Your answer should be every line with the word "Implicit", copied from the data below.

====

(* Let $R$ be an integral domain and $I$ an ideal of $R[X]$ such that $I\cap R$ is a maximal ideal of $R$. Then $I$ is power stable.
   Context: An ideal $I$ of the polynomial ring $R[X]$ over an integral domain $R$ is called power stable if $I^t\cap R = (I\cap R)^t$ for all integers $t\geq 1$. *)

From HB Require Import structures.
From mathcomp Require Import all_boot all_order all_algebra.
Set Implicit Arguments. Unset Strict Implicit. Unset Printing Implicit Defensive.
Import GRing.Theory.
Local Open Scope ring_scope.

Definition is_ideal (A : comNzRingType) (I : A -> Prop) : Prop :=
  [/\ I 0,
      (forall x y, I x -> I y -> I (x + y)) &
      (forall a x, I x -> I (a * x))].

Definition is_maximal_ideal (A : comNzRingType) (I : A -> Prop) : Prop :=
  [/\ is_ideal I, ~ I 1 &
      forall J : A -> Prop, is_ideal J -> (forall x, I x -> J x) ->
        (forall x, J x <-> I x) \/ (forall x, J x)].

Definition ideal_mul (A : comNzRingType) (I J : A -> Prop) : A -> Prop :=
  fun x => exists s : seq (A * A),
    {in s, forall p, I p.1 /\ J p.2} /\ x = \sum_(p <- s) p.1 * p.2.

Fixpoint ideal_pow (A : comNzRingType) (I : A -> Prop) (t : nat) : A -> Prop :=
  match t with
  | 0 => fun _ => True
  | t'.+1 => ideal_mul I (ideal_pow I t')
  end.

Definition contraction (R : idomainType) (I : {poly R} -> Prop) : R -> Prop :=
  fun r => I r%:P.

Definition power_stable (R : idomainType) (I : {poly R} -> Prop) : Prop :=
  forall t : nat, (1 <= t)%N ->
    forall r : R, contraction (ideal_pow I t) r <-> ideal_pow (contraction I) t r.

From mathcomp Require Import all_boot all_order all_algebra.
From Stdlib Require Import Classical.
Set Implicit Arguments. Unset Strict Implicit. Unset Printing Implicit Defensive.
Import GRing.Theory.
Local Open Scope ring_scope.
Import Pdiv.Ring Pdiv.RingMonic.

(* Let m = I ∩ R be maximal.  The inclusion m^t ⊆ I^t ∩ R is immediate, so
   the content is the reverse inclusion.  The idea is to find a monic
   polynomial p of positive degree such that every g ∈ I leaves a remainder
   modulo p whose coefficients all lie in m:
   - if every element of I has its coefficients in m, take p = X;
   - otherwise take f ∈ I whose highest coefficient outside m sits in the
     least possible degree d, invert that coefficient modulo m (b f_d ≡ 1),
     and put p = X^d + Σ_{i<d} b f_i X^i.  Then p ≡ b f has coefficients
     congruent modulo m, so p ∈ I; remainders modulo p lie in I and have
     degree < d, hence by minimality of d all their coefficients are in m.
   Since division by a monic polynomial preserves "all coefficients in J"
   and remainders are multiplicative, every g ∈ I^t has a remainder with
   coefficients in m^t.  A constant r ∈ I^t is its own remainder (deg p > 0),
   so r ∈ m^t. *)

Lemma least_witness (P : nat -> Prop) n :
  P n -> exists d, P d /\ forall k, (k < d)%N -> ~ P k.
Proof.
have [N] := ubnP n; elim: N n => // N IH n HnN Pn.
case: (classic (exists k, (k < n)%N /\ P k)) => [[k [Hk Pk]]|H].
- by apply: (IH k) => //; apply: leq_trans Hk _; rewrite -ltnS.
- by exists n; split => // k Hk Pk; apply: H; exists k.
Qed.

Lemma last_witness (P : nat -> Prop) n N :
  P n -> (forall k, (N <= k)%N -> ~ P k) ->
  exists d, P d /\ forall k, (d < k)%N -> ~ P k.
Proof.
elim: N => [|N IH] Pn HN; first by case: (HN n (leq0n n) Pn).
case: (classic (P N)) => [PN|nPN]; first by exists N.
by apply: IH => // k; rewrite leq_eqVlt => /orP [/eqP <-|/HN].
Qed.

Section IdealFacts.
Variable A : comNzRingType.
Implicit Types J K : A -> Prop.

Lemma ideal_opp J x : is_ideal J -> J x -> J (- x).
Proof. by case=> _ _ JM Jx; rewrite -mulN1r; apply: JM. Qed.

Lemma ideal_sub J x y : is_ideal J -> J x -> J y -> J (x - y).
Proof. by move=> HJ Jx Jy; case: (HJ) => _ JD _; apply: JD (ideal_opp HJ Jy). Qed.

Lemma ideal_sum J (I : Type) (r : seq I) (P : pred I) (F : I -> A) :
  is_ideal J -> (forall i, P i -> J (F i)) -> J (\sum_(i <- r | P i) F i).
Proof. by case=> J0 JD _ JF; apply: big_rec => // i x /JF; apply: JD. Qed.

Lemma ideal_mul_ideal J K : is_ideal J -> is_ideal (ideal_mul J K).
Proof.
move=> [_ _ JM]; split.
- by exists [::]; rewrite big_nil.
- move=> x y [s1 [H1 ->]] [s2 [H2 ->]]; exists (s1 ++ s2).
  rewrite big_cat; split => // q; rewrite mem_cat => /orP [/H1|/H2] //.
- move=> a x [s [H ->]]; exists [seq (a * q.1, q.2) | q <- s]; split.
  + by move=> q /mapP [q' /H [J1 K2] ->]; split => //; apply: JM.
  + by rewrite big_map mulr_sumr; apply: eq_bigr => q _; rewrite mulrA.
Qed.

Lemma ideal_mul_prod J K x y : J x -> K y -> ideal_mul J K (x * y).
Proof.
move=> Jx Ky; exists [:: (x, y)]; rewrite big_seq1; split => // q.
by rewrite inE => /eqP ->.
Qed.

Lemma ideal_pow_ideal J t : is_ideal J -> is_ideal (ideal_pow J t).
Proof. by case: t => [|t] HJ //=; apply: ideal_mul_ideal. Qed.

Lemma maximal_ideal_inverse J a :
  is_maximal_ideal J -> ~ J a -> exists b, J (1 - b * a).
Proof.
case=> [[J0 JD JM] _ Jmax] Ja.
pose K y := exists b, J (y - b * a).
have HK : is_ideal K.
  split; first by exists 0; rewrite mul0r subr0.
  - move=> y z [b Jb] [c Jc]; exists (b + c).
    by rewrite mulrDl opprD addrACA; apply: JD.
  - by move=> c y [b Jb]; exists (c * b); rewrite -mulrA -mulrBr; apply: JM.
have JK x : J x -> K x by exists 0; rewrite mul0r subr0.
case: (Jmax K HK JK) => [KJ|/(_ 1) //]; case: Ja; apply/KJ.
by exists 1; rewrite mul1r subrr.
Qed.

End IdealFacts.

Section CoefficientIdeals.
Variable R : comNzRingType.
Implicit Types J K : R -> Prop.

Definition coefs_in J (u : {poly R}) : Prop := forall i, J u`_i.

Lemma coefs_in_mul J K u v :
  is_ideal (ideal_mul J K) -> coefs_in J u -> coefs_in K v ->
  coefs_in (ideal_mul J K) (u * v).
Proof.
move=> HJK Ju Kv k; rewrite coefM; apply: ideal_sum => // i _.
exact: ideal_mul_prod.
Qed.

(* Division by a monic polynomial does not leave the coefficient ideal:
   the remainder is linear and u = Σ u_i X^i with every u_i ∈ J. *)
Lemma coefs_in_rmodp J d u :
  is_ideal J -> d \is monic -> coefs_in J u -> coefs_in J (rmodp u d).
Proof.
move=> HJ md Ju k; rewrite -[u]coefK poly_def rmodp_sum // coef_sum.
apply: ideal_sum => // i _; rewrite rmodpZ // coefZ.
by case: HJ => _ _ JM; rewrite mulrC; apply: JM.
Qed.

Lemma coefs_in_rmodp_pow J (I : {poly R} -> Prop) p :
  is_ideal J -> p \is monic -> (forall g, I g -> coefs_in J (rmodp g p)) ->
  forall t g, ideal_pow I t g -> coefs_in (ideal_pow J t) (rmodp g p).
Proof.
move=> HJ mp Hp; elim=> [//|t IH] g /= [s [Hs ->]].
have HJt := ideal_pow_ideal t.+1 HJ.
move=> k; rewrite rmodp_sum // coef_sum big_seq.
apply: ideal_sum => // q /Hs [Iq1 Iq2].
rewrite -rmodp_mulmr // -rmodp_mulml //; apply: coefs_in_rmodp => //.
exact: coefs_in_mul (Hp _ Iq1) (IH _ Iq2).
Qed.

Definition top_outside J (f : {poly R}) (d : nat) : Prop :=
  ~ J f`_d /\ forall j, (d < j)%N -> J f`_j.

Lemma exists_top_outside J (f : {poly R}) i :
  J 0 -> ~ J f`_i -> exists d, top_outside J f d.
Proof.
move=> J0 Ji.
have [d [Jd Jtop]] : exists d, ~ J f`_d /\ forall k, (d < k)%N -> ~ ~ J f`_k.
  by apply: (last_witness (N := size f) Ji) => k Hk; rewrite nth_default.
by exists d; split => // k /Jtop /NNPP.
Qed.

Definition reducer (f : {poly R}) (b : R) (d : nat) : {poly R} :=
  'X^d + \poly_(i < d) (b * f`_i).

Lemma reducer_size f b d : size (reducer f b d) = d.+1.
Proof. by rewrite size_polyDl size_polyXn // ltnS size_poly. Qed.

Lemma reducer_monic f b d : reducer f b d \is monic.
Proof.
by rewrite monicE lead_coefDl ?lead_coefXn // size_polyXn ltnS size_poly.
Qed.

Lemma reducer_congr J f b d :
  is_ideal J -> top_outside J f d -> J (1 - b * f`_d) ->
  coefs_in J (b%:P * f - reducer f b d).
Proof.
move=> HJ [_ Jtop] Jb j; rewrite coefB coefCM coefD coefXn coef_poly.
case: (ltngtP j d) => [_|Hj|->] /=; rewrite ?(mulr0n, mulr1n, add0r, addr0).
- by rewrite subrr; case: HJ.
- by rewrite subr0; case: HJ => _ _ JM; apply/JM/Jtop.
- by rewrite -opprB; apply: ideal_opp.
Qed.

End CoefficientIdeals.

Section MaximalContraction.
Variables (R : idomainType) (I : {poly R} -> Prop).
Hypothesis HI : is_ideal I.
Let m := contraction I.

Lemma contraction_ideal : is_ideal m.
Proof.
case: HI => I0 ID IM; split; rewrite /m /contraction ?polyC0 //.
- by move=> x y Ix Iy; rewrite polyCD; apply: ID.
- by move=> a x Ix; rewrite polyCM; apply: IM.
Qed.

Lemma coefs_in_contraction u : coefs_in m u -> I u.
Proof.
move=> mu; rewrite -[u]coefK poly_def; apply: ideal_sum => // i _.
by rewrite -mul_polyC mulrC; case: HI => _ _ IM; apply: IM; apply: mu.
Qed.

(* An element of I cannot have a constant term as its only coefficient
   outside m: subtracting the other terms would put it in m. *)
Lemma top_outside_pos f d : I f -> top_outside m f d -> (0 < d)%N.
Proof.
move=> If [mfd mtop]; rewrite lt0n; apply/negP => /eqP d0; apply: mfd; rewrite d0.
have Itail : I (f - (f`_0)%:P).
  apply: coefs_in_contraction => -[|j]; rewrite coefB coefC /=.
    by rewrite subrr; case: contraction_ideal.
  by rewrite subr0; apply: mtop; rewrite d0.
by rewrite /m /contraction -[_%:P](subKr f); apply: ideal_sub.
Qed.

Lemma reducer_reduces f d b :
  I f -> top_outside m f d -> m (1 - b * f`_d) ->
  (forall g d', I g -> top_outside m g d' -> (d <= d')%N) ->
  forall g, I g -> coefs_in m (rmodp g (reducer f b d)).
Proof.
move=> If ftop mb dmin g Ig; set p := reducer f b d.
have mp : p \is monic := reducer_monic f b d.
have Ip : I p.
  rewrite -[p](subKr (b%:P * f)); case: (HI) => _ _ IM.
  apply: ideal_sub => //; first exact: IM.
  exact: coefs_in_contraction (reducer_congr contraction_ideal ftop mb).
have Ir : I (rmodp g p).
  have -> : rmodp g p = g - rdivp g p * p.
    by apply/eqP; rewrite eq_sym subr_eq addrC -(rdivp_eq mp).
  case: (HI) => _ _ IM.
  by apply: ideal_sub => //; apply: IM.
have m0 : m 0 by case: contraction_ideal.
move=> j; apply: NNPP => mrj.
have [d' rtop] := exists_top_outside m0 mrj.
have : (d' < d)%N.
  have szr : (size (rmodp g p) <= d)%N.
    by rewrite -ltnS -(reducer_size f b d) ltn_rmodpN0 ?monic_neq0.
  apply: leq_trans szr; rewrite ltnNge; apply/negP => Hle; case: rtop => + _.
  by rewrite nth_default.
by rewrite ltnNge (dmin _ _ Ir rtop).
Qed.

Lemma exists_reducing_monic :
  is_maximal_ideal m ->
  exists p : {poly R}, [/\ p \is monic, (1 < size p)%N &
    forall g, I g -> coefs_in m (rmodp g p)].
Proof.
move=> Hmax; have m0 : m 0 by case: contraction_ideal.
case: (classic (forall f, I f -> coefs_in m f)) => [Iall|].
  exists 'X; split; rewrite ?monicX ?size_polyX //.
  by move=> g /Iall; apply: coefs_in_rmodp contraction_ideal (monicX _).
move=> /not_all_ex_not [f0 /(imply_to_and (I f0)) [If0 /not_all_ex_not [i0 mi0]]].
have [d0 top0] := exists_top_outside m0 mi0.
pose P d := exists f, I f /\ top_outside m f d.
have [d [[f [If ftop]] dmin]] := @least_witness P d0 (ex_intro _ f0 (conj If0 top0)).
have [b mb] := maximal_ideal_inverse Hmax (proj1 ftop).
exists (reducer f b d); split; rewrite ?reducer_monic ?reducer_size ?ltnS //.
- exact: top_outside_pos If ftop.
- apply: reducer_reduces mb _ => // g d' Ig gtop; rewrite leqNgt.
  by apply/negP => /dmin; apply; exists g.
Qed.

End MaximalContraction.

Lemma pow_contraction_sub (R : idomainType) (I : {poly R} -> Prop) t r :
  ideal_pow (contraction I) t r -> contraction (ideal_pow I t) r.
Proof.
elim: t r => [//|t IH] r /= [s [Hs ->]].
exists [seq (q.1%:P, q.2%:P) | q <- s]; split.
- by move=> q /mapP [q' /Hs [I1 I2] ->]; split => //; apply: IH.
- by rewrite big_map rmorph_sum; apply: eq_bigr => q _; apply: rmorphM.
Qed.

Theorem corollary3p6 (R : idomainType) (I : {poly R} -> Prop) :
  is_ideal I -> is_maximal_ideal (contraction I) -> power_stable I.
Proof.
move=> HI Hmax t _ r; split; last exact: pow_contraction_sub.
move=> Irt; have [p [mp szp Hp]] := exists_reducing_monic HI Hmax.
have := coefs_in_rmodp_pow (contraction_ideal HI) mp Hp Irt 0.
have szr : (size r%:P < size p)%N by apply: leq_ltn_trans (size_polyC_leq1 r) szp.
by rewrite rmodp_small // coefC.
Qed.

====

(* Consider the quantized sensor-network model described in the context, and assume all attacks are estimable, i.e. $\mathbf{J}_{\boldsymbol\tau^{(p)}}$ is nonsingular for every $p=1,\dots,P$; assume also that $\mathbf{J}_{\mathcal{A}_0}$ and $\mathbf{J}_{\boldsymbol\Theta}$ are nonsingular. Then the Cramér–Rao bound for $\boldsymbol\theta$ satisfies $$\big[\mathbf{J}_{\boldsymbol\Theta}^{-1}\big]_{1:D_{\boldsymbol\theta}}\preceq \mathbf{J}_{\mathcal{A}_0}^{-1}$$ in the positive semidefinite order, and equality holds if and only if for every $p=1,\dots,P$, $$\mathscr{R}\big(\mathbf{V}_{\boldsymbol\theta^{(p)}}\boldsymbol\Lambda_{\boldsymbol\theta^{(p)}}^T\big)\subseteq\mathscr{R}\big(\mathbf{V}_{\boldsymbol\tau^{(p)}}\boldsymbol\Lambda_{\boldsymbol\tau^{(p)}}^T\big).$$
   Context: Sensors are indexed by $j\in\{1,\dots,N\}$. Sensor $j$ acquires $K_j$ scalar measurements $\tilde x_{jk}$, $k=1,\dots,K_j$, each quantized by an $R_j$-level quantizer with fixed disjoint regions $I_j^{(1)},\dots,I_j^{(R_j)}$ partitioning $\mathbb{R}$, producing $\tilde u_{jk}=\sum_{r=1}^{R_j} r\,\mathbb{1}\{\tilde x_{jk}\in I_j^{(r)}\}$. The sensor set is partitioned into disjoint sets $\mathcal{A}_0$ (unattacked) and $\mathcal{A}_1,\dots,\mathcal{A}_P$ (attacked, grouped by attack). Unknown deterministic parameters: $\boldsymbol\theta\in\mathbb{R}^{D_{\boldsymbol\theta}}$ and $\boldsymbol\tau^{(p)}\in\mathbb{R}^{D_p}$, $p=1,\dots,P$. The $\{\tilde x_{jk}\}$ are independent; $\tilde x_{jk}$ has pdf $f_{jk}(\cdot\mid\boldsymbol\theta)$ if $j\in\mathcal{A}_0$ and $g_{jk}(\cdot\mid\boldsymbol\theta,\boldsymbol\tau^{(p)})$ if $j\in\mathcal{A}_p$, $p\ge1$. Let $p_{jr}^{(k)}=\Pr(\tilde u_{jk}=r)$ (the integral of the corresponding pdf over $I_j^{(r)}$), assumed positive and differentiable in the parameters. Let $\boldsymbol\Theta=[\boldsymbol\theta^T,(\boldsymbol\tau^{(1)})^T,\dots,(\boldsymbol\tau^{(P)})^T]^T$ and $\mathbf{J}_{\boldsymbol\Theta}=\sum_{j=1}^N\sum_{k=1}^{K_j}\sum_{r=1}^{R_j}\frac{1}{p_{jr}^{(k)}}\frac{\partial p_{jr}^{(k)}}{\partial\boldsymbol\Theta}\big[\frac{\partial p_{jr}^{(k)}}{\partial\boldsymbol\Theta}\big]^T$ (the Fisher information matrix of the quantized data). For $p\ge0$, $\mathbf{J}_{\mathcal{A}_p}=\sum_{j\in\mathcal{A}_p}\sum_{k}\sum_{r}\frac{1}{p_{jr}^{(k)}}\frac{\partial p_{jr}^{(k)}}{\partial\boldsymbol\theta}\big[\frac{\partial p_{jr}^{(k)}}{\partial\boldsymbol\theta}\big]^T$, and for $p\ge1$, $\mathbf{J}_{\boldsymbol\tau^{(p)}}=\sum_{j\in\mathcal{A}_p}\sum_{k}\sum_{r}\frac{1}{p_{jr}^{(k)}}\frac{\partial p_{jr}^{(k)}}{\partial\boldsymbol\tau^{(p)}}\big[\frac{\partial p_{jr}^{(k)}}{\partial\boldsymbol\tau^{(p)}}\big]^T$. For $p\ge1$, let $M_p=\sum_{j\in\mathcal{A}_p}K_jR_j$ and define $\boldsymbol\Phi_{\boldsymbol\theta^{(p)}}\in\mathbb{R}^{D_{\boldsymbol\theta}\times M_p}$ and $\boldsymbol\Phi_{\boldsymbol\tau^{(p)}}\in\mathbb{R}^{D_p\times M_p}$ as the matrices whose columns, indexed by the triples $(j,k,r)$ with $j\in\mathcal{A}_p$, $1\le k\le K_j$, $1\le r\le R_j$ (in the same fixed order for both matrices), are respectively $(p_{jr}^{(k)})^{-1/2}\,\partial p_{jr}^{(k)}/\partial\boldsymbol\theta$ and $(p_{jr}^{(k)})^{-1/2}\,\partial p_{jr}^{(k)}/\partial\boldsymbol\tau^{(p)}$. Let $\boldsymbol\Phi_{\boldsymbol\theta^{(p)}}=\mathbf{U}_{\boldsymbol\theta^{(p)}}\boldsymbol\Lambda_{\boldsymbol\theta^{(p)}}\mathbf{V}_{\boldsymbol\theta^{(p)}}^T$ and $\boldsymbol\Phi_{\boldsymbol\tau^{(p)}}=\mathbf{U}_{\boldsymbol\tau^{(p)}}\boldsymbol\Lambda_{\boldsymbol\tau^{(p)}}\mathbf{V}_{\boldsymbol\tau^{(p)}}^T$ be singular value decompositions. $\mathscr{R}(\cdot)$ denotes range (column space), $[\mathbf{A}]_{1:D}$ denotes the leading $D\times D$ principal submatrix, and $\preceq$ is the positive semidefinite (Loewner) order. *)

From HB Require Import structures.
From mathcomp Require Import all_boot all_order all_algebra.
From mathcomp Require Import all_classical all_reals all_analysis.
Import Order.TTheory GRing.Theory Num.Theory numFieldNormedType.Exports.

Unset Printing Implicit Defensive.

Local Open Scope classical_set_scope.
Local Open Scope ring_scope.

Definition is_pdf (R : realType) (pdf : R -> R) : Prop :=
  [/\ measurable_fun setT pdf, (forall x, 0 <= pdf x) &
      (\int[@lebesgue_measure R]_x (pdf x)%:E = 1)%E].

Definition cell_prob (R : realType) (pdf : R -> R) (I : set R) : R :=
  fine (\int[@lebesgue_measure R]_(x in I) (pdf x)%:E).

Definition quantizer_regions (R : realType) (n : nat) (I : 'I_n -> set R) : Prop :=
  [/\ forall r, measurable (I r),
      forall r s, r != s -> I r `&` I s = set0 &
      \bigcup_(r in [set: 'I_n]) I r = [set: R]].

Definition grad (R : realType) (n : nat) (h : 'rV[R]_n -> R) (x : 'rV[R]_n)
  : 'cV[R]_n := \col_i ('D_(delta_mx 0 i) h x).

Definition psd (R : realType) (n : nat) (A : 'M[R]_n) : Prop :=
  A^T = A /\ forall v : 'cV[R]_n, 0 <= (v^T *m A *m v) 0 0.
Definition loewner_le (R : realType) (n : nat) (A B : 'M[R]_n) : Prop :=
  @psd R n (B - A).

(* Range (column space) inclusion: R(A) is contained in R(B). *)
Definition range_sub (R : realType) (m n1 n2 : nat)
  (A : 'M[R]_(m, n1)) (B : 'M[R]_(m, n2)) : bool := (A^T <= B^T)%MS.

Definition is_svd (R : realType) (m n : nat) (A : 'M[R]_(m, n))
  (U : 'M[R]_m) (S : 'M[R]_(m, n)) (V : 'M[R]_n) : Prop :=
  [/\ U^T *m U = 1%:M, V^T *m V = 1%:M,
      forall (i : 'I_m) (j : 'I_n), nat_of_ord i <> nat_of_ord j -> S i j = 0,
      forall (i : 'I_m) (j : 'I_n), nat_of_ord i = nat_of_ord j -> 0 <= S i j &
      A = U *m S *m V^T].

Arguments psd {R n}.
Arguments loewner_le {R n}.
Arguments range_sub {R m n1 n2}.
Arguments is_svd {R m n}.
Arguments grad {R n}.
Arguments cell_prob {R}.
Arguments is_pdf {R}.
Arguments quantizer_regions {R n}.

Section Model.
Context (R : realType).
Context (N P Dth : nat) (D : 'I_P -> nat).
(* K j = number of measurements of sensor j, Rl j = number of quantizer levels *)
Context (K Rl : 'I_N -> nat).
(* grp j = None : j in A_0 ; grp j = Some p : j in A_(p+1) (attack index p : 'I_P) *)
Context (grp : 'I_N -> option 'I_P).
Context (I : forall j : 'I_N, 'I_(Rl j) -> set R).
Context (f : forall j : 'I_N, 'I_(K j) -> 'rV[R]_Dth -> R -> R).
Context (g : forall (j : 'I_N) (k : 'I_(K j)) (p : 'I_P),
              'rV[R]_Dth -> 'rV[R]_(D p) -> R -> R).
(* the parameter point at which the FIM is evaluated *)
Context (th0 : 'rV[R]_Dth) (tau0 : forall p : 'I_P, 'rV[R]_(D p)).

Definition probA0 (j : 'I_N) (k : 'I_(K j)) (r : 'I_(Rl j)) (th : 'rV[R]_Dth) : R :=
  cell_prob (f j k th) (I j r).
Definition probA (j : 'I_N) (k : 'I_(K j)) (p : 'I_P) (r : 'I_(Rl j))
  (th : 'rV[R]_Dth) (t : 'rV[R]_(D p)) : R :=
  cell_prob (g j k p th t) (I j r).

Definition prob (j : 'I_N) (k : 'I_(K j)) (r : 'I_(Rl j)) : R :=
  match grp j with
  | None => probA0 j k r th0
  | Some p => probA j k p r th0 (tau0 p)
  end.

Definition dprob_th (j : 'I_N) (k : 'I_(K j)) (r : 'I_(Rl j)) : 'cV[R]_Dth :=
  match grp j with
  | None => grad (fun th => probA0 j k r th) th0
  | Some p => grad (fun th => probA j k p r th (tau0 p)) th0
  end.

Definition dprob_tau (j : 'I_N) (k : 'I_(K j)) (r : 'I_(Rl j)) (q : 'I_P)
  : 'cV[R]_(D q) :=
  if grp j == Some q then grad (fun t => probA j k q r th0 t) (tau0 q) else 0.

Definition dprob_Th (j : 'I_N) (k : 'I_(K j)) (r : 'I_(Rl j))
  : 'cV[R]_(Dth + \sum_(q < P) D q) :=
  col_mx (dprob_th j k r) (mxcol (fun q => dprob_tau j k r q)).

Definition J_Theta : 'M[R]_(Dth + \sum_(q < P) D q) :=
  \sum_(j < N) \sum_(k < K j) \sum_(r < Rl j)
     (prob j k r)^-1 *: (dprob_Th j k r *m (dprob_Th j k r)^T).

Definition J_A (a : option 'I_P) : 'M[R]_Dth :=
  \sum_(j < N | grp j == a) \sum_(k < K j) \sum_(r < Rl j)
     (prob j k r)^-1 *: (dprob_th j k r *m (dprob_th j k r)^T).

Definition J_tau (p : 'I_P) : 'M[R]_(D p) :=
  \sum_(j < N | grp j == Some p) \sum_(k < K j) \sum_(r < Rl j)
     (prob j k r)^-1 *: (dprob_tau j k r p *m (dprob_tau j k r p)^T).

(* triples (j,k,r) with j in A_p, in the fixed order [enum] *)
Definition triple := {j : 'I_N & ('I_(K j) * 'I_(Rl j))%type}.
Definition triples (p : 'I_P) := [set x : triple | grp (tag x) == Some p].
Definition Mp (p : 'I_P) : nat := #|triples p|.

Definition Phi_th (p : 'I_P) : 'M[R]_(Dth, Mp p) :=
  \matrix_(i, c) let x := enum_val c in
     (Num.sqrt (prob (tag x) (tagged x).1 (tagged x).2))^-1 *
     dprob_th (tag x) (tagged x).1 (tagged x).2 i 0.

====

RESULT ::
Set Implicit Arguments. Unset Strict Implicit. Unset Printing Implicit Defensive.
Set Implicit Arguments. Unset Strict Implicit. Unset Printing Implicit Defensive.
Implicit Types J K : A -> Prop.
Implicit Types J K : R -> Prop.
Unset Printing Implicit Defensive.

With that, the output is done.